Start of Block
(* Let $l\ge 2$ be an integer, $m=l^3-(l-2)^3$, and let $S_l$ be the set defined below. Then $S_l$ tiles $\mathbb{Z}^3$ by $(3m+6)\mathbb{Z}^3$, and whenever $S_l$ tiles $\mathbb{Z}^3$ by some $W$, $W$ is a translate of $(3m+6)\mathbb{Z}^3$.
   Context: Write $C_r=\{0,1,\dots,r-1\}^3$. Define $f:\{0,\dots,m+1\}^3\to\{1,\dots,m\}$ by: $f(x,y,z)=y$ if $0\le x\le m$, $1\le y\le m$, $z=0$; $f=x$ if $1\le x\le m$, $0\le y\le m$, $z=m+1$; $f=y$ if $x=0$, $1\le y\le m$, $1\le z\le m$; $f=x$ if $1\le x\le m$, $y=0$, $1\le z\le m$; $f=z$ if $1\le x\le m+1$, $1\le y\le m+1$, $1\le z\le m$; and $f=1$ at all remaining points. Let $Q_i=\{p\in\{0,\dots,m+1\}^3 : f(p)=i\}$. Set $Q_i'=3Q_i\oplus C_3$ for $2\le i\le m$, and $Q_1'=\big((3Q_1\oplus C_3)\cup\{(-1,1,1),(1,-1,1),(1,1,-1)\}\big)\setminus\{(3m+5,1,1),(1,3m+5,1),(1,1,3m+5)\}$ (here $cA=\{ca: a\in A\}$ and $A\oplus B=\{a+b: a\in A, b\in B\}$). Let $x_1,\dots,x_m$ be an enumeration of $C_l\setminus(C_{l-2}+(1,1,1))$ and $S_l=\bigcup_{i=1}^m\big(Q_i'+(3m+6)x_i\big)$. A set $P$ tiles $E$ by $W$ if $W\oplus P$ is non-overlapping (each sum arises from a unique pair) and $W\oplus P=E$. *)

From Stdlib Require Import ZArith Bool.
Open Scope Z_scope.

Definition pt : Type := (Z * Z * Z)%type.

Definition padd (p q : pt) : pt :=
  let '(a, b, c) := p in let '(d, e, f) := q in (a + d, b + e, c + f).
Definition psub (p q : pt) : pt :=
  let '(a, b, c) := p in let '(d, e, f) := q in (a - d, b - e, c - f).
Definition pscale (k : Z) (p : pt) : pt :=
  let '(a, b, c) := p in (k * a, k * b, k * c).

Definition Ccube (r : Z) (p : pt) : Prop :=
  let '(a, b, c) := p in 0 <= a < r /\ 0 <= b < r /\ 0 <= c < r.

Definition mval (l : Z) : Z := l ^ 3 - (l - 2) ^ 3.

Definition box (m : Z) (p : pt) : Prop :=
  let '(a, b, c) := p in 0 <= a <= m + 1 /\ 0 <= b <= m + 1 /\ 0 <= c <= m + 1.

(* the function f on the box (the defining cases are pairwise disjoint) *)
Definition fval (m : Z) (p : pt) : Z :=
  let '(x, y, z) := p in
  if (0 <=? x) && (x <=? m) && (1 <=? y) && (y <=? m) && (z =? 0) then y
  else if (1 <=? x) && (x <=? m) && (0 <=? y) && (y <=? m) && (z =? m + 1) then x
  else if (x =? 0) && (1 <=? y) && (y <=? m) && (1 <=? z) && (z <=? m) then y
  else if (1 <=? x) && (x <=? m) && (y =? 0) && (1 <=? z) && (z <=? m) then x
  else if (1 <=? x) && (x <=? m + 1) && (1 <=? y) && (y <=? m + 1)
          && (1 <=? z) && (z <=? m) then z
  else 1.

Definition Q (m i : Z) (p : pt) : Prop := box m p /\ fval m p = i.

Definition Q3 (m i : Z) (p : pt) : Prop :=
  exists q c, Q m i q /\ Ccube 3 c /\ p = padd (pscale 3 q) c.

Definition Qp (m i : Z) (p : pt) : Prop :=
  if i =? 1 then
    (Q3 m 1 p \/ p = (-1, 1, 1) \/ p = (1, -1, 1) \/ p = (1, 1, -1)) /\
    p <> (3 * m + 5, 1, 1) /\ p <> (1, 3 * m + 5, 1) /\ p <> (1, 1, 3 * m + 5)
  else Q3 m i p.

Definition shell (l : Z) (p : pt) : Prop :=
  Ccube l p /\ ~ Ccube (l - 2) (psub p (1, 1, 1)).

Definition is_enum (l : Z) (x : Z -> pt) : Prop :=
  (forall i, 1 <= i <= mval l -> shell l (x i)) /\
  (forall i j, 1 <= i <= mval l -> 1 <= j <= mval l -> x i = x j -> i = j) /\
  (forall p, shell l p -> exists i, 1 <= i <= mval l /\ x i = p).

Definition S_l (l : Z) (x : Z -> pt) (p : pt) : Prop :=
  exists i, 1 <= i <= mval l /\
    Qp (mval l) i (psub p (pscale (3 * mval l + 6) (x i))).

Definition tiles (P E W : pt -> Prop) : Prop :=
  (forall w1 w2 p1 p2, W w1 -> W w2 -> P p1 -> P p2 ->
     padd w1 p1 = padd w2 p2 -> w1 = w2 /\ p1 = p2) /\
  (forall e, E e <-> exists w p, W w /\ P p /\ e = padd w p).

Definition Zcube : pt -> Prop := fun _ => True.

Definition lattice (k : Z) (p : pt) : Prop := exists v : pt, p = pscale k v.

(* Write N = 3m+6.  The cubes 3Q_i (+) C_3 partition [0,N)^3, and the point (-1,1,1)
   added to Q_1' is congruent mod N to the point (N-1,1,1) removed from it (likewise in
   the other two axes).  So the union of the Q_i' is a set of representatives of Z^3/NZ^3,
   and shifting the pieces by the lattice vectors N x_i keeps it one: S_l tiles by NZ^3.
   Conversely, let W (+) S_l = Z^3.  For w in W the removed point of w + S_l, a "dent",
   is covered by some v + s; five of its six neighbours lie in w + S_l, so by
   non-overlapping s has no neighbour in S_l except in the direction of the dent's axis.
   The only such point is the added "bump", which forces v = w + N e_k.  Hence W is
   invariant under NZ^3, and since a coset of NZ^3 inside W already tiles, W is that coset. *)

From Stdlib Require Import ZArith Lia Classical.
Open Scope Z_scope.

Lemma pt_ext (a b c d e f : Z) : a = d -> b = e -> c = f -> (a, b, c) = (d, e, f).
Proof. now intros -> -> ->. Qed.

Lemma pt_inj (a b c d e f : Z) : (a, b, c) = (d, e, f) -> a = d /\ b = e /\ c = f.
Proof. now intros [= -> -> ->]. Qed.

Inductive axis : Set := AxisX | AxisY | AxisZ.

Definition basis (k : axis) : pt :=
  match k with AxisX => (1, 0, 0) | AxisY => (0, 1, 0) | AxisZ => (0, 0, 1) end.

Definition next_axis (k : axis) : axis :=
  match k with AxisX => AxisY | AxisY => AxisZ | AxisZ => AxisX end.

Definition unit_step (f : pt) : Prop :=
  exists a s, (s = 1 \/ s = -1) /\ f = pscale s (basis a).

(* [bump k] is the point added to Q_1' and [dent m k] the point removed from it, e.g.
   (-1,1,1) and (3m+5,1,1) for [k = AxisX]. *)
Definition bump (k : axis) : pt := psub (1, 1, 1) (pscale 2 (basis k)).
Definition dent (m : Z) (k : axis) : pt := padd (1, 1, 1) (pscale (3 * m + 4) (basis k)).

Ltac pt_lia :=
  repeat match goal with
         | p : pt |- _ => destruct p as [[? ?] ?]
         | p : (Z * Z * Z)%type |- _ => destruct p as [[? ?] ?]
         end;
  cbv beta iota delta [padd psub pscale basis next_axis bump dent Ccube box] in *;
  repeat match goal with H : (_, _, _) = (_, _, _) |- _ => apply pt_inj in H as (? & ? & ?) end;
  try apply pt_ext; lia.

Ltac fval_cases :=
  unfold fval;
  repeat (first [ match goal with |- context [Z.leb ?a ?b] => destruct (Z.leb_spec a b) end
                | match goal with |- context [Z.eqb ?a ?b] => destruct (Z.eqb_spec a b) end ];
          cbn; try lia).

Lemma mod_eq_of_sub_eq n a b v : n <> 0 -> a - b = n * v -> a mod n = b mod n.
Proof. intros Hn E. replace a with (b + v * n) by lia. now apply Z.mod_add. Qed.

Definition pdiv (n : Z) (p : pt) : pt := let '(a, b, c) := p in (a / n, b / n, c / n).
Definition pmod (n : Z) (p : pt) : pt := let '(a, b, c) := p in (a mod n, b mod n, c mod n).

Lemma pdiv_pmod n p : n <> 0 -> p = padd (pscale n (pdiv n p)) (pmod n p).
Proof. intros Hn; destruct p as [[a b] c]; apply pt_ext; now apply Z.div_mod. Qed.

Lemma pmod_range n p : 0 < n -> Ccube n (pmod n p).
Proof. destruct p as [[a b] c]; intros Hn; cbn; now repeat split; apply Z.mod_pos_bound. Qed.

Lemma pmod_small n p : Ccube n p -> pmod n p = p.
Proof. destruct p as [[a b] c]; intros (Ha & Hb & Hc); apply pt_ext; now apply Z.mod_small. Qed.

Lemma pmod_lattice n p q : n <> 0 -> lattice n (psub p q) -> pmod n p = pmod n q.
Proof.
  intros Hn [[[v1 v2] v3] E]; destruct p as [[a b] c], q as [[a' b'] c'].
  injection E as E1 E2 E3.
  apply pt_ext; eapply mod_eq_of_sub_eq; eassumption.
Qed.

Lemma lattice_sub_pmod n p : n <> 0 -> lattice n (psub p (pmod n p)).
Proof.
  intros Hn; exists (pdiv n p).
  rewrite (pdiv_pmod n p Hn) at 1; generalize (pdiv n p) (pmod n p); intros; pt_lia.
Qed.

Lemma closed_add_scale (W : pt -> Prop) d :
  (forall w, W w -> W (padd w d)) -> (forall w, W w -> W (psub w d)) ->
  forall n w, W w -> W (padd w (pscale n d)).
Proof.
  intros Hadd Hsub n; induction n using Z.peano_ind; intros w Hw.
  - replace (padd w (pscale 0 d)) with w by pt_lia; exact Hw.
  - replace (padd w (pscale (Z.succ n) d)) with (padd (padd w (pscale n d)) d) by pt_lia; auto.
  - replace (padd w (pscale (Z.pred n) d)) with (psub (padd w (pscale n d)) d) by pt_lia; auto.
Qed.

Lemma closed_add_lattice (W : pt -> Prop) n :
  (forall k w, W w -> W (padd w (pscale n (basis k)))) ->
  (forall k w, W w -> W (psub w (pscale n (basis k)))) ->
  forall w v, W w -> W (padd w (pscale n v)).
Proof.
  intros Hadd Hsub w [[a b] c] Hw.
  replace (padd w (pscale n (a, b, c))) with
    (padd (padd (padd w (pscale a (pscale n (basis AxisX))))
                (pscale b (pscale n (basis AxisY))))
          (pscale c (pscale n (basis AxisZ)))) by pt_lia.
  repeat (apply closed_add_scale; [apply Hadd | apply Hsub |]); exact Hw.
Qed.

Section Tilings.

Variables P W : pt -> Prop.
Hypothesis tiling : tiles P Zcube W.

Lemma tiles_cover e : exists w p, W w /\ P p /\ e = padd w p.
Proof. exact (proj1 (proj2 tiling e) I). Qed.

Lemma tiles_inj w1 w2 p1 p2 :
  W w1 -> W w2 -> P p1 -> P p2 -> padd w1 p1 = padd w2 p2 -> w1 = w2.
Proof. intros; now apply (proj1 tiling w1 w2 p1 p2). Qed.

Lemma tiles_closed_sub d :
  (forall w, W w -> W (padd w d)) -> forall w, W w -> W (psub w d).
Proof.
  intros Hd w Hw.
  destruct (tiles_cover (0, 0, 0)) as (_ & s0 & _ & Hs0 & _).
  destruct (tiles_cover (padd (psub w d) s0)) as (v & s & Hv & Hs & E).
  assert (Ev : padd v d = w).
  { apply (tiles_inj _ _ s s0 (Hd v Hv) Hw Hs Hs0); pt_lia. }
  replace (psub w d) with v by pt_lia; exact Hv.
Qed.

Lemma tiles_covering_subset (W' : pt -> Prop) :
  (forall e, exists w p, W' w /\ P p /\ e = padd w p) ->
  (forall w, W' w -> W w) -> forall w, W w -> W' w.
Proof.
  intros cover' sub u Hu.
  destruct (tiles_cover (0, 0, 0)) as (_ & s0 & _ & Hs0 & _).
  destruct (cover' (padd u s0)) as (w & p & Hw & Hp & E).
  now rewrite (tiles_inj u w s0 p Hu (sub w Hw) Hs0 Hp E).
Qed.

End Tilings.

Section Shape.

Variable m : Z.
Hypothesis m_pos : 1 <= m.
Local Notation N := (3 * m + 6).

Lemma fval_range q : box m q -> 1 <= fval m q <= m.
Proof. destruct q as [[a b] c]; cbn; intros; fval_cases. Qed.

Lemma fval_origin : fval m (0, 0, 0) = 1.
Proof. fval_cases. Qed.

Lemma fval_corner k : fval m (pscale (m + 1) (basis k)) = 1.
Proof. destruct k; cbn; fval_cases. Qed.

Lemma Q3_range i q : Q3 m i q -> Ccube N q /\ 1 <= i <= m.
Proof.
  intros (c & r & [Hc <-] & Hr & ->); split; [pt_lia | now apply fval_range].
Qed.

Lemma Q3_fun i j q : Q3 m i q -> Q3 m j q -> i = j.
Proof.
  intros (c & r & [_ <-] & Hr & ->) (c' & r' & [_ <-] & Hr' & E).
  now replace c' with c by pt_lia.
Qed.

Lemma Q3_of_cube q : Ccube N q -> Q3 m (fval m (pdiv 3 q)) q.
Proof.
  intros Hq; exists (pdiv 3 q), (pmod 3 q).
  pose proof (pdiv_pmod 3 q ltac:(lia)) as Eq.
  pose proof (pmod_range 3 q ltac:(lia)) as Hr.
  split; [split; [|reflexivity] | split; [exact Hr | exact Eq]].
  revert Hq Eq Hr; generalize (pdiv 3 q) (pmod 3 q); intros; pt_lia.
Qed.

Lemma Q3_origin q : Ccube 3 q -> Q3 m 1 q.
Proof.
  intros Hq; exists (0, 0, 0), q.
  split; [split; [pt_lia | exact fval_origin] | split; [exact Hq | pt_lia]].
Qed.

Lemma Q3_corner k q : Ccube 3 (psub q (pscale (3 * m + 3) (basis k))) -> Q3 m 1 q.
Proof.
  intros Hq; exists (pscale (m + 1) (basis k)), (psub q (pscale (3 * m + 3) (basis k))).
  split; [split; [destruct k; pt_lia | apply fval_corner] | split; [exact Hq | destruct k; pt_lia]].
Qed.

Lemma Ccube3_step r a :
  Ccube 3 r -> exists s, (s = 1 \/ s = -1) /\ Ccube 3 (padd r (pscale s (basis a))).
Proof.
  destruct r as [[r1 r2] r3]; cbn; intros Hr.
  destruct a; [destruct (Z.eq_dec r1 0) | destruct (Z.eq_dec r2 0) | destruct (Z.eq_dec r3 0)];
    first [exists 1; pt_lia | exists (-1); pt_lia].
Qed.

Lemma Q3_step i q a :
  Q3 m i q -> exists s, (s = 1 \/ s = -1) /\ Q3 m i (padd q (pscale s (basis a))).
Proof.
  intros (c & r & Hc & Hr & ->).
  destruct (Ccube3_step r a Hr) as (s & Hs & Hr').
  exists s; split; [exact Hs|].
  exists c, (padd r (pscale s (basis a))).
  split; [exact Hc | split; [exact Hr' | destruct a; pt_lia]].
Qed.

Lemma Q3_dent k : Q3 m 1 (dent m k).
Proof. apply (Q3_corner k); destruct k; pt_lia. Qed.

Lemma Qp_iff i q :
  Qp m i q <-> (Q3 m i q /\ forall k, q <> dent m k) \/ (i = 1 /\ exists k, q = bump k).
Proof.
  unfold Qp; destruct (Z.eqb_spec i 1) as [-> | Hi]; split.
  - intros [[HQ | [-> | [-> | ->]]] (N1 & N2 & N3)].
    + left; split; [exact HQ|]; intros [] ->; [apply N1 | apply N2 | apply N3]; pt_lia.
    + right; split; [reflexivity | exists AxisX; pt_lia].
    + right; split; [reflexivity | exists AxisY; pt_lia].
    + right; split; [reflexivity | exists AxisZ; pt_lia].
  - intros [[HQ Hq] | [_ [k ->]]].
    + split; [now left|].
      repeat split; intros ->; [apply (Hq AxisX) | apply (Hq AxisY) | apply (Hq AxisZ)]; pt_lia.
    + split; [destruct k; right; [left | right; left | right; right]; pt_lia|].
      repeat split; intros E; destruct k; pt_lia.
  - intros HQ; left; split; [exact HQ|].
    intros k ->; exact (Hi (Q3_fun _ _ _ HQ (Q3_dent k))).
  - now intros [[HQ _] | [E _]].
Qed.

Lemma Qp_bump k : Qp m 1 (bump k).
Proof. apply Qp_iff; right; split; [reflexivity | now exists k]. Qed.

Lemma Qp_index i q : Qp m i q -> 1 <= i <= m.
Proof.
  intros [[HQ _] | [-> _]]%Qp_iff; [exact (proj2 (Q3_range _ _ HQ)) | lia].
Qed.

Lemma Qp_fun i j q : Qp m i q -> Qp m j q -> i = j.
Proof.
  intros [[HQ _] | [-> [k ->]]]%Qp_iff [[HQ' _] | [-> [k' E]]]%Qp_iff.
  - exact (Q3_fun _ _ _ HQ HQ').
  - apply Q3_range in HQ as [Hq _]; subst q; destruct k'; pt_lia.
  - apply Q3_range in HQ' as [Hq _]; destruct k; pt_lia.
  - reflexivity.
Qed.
End of Block
Description of the task: The reply should hold only the lines of the listing above starting at the line containing "Qp (mval l)" and ending at the line containing "Definition Zcube : pt", exactly as written.

Solution for this exercise:
    Qp (mval l) i (psub p (pscale (3 * mval l + 6) (x i))).

Definition tiles (P E W : pt -> Prop) : Prop :=
  (forall w1 w2 p1 p2, W w1 -> W w2 -> P p1 -> P p2 ->
     padd w1 p1 = padd w2 p2 -> w1 = w2 /\ p1 = p2) /\
  (forall e, E e <-> exists w p, W w /\ P p /\ e = padd w p).

Definition Zcube : pt -> Prop := fun _ => True.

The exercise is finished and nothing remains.